Tuesday, January 26, 2010

Diamonds in the rough.


As I’m sure I’ve pointed out more often than is good for anybody, there are few activities that I enjoy as much as wallowing in the shiny baubles that magically appear on the interweb each morning. To some, time spent that way is akin to getting caught in a virtual La Brea Tar Pits of link bait and indefensibly ridiculous bits of electronic effluvia; but I’m more than shallow enough to enjoy all of it.

To wit: just this morning I followed a few links on the Times’ Op-Ed page that were part of a sidebar entitled “Resources: More on what books to throw out and why it’s a good idea to clean one’s home library.” One of the links included was this little gem by Lewis Grossberger, which just shows to go ‘ya why one should never, ever, take anything at face value. Grossberger’s “Resource” is, in short, one of those shiny baubles I so enjoy, and even better, it was hiding in plain sight amongst some of the rather solemn bits of literary opinion on which the Times has always depended.

So, enjoy the shiny and have a nice day while you’re at it.

Wednesday, January 13, 2010

Oh the irony. I even lost track of this post til just now.


Made it. It was close, but I just barely crawled across the finish line by dropping our 80 or so Christmas cards in the mailbox. And now that it’s official, I guess I can remove the razor wire from around the chimney and invite Santa to come work his magic. Good thing too; if the Fat Man’s only choice had been to pass by our house and leave nothing but lumps of coal, the boys would likely have staged a mutiny here at our little compound. Or a bloodless coup at the very least. Either way, I would have been kind of disappointed to not get my annual allotment of boxer shorts and socks. You know, exciting Dad stuff.

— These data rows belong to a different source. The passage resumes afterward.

(* Let $n$ be even, $e_1,\dots,e_n$ the standard basis of $\mathbb{R}^n$ and $e_0=e_1+\dots+e_n$. Consider the complete flags $F_0=F(e_0,e_1,\dots,e_{n-1})$, $F_1=F(e_1,e_2,\dots,e_n)$ and $F_i=F(e_i,e_{i+1},\dots,e_n,e_0,\dots,e_{i-1})$ for $2\le i\le n$. If $b:(\mathcal{F}(\mathbb{R}^n))^n\to\mathbb{R}$ is any map satisfying $b(gF'_1,\dots,gF'_n)=\operatorname{sign}(\det g)\,b(F'_1,\dots,F'_n)$ for all $g\in\mathrm{GL}_n(\mathbb{Z})$ and all flags, then $db(F_0,\dots,F_n)=0$.
   Context: $\mathcal{F}(\mathbb{R}^n)$ is the set of complete flags in $\mathbb{R}^n$. For a basis $(w_1,\dots,w_n)$, $F(w_1,\dots,w_n)$ denotes the flag $\{0\}\subset\langle w_1\rangle\subset\langle w_1,w_2\rangle\subset\dots\subset\langle w_1,\dots,w_n\rangle=\mathbb{R}^n$. The coboundary is $db(F_0,\dots,F_n)=\sum_{i=0}^n(-1)^ib(F_0,\dots,\widehat{F_i},\dots,F_n)$. *)

(* The real line R^n is modelled over an arbitrary
   realFieldType R (the statement is purely algebraic). *)
From HB Require Import structures.
From mathcomp Require Import all_boot all_order all_algebra.
Set Implicit Arguments. Unset Strict Implicit. Unset Printing Implicit Defensive.
Import Order.TTheory GRing.Theory Num.Theory.
Local Open Scope ring_scope.

Section Flags.
Variables (R : realFieldType) (n : nat).

Definition chain := {ffun 'I_n.+1 -> {vspace 'rV[R]_n}}.

Definition is_flag (c : chain) : bool :=
  [forall i : 'I_n.+1, \dim (c i) == i] &&
  [forall i : 'I_n, (c (inord i) <= c (inord i.+1))%VS].

Definition flag_of (s : seq 'rV[R]_n) : chain :=
  [ffun k : 'I_n.+1 => <<take k s>>%VS].

(* standard basis e_1..e_n (e_k = k-th unit vector, k >= 1), e_0 = e_1+...+e_n *)
Definition ev (k : nat) : 'rV[R]_n :=
  \row_(j < n) (if k == 0%N then 1 else (k == j.+1)%:R).

Definition Fseq (i : nat) : seq 'rV[R]_n :=
  if i == 0%N then [seq ev k | k <- iota 0 n]
  else if i == 1%N then [seq ev k | k <- iota 1 n]
  else [seq ev k | k <- iota i (n.+1 - i) ++ iota 0 i].

Definition Fflag (i : 'I_n.+1) : chain := flag_of (Fseq i).

(* action of g in GL_n(Z) on R^n (v |-> g v, with v written as a row) *)
Definition act_vec (g : 'M[int]_n) (v : 'rV[R]_n) : 'rV[R]_n :=
  v *m (map_mx intr g)^T.

Definition act_chain (g : 'M[int]_n) (c : chain) : chain :=
  [ffun k => <<map (act_vec g) (vbasis (c k))>>%VS].

Definition cobound (b : {ffun 'I_n -> chain} -> R) (F : {ffun 'I_n.+1 -> chain}) : R :=
  \sum_(i < n.+1) (-1) ^+ i * b [ffun j => F (lift i j)].

End Flags.

(* Every term of the coboundary vanishes separately. The matrix diag(1, ..., 1, -1)
   has determinant -1, fixes e_1, ..., e_(n-1), negates e_n and sends e_0 to
   e_0 - 2 e_n; since e_n precedes e_0 in each F_j with j >= 1, it fixes every such
   flag. Conjugating it by powers of the signed cyclic shift
   e_0 -> -e_1, e_k -> e_(k+1), e_n -> -e_0, which maps F_j to F_(j+1) (indices mod
   n+1), yields for each i an orientation-reversing g fixing all F_j with j <> i.
   Equivariance then gives b(..., F_i omitted, ...) = - b(..., F_i omitted, ...). *)

From HB Require Import structures.
From mathcomp Require Import all_boot all_order all_algebra.
Set Implicit Arguments. Unset Strict Implicit. Unset Printing Implicit Defensive.
Import Order.TTheory GRing.Theory Num.Theory.
Local Open Scope ring_scope.

Lemma sum_ord_eq_mul (T : pzSemiRingType) k a (F : nat -> T) :
  \sum_(l < k) ((l == a :> nat)%:R * F l) = if (a < k)%N then F a else 0.
Proof.
case: (ltnP a k) => [ak | ka].
  rewrite (bigD1 (Ordinal ak)) //= eqxx mul1r big1 ?addr0 // => l neq_la.
  by rewrite -[(l == a :> nat)]/(l == Ordinal ak) (negbTE neq_la) mul0r.
by apply: big1 => l _; rewrite ltn_eqF ?mul0r // (leq_trans (ltn_ord l) ka).
Qed.

Lemma sum_ord_eqS_mul (T : pzSemiRingType) k a (F : nat -> T) :
  \sum_(l < k) ((l.+1 == a :> nat)%:R * F l) = if (0 < a <= k)%N then F a.-1 else 0.
Proof.
case: a => [|a]; first by apply: big1 => l _; rewrite mul0r.
by under eq_bigr => l _ do rewrite eqSS; rewrite sum_ord_eq_mul.
Qed.

Lemma span_map_scale (K : fieldType) (V : vectType K) (I : eqType)
    (a : I -> K) (f : I -> V) s :
  (forall i, a i != 0) -> <<[seq a i *: f i | i <- s]>>%VS = <<map f s>>%VS.
Proof.
move=> a_neq0; apply/eqP; rewrite eqEsubv; apply/andP.
split; apply/span_subvP => _ /mapP [i s_i ->]; last rewrite -[f i](scalerK (a_neq0 i)).
  by apply/memvZ/memv_span/map_f.
by apply/memvZ/memv_span/(map_f (fun i => a i *: f i)).
Qed.

Section Action.
Variables (R : realFieldType) (n : nat).
Implicit Types (g h : 'M[int]_n) (c : chain R n) (s : seq 'rV[R]_n).

Definition act_lfun g : 'End('rV[R]_n) := linfun (mulmxr (map_mx intr g)^T).

Lemma act_lfunE g v : act_lfun g v = act_vec g v.
Proof. by rewrite lfunE. Qed.

Lemma act_lfunM g h : act_lfun (g *m h) = (act_lfun g \o act_lfun h)%VF.
Proof.
by apply/lfunP => v; rewrite comp_lfunE !act_lfunE /act_vec map_mxM trmx_mul mulmxA.
Qed.

Lemma act_lfun1 : act_lfun 1%:M = \1%VF.
Proof. by apply/lfunP => v; rewrite id_lfunE act_lfunE /act_vec map_mx1 trmx1 mulmx1. Qed.

Lemma act_vec_entry (g : 'M[int]_n) (v : 'rV[R]_n) i :
  act_vec g v 0 i = \sum_j v 0 j * (g i j)%:~R.
Proof. by rewrite !mxE; apply: eq_bigr => j _; rewrite !mxE. Qed.

Lemma act_chainE g c k : act_chain g c k = (act_lfun g @: c k)%VS.
Proof.
rewrite ffunE -[in RHS](span_basis (vbasisP (c k))) limg_span.
by congr span; apply: eq_map => v; rewrite act_lfunE.
Qed.

Lemma act_chainM g h c : act_chain (g *m h) c = act_chain g (act_chain h c).
Proof. by apply/ffunP => k; rewrite !act_chainE act_lfunM limg_comp. Qed.

Lemma act_chain1 c : act_chain 1%:M c = c.
Proof. by apply/ffunP => k; rewrite act_chainE act_lfun1 lim1g. Qed.

Lemma act_chain_flag_of g s : act_chain g (flag_of s) = flag_of (map (act_vec g) s).
Proof.
apply/ffunP => k; rewrite act_chainE !ffunE limg_span map_take.
by congr (span (take _ _)); apply: eq_map => v; rewrite act_lfunE.
Qed.
(* Let $R$ be a semistandard cylindric tableau and $S$ a set of boxes satisfying the input conditions of full multi-insertion, and perform $\operatorname{FullMulti}(R,S)$. Then for every row $r$, the list of entries inserted into row $r$ during the one-step phases (placed into a box of row $r$, whether by landing or by bumping), in the order in which they were inserted, is weakly increasing.
   Context: Fix integers $n>k\ge1$. A cylindric partition is a weakly decreasing integer sequence $(\lambda_m)_{m\in\mathbb Z}$ with $\lambda_m=\lambda_{m+k}+n-k$. A point $(x,y)\in\mathbb Z^2$ lies in $\lambda$ if $y\le\lambda_x$. Boxes are classes of points modulo translation by multiples of $(-k,n-k)$; row $x$ of the cylinder is the image of plane row $x$ (indexed mod $k$), column $y$ the image of plane column $y$; within a row boxes are ordered left to right by $y$-coordinates of representatives in a fixed plane row. $\mu\subseteq\lambda$ means $\mu_m\le\lambda_m$ for all $m$. A (semistandard cylindric) tableau of shape $\lambda/\mu$ is a map from the boxes in $\lambda$ but not $\mu$ to a totally ordered alphabet, weakly increasing along plane rows and strictly increasing down plane columns; its shapes are part of its data. Full multi-insertion $\operatorname{FullMulti}(R,S)$: input a tableau $R$ with outer shape $\lambda$, inner shape $\mu$, and a set $S$ of boxes not in $\mu$, no two in the same column, such that $\mu$ plus $S$ is a cylindric partition. Choose an integer $r_0$. For $h=r_0,\dots,r_0+k-1$, go through the boxes of $S$ in row $h$ from left to right: if the box is in $\lambda$, remove its entry $x$ and append $(x,h+1)$ to a queue; otherwise add the box to $\lambda$. All boxes of $S$ are added to the inner shape. Then, while the current queue $q$ is nonempty: start an empty queue $q'$; remove pairs $(x,s)$ from the front of $q$ one at a time; if $x$ is $\ge$ every entry in row $s$, put $x$ into the leftmost box of row $s$ not in the current outer shape and add it to the outer shape (a landing); otherwise replace the leftmost entry $x'$ of row $s$ greater than $x$ by $x$ (a bump) and append $(x',s+1)$ to $q'$; when $q$ is exhausted set $q:=q'$. All actions are performed one at a time, giving a time order. *)

From HB Require Import structures.
From mathcomp Require Import all_boot all_order all_algebra.
Set Implicit Arguments. Unset Strict Implicit. Unset Printing Implicit Defensive.
Import Order.TTheory GRing.Theory Num.Theory.
Local Open Scope ring_scope.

Anyway, I’m still mortified that we very nearly ran out of time for everything this year and… holy crap, I still haven’t gotten any eggnog… that coup may still be in play after all… gotta go. Merry Christmas.

Thursday, December 3, 2009

The Special Olympics of Holiday Cheer


There are very few races in which I have the slightest bit of interest, yet I believe I’ve found another I couldn’t care less about: The First Christmas Card Mailed race. I should have known it was coming, really.

As I wandered down to the mailbox yesterday there was a suspiciously wintry chill in the air and the hushed silence that pervaded the driveway meant that the omnipresent leaf blowers were all done for the season. It was, in short, December 1st. As I nosed through the effluvia that the United States Postal Service is forever leaving in the mailbox, I spied what could only be a bit of red and green glitter at the bottom. Glitter from a Christmas card that was winking and smirking at me in the way that only a harbinger of this particular holiday season can.

“Yoo hoo,” whispered the glittery card, “guess what? It’s December and you haven’t even thought about Christmas cards have you? No you haven’t. I, however, came from a family that is organized, has their shit together and probably looks like they belong in a Ralph Lauren catalogue to boot. So there.”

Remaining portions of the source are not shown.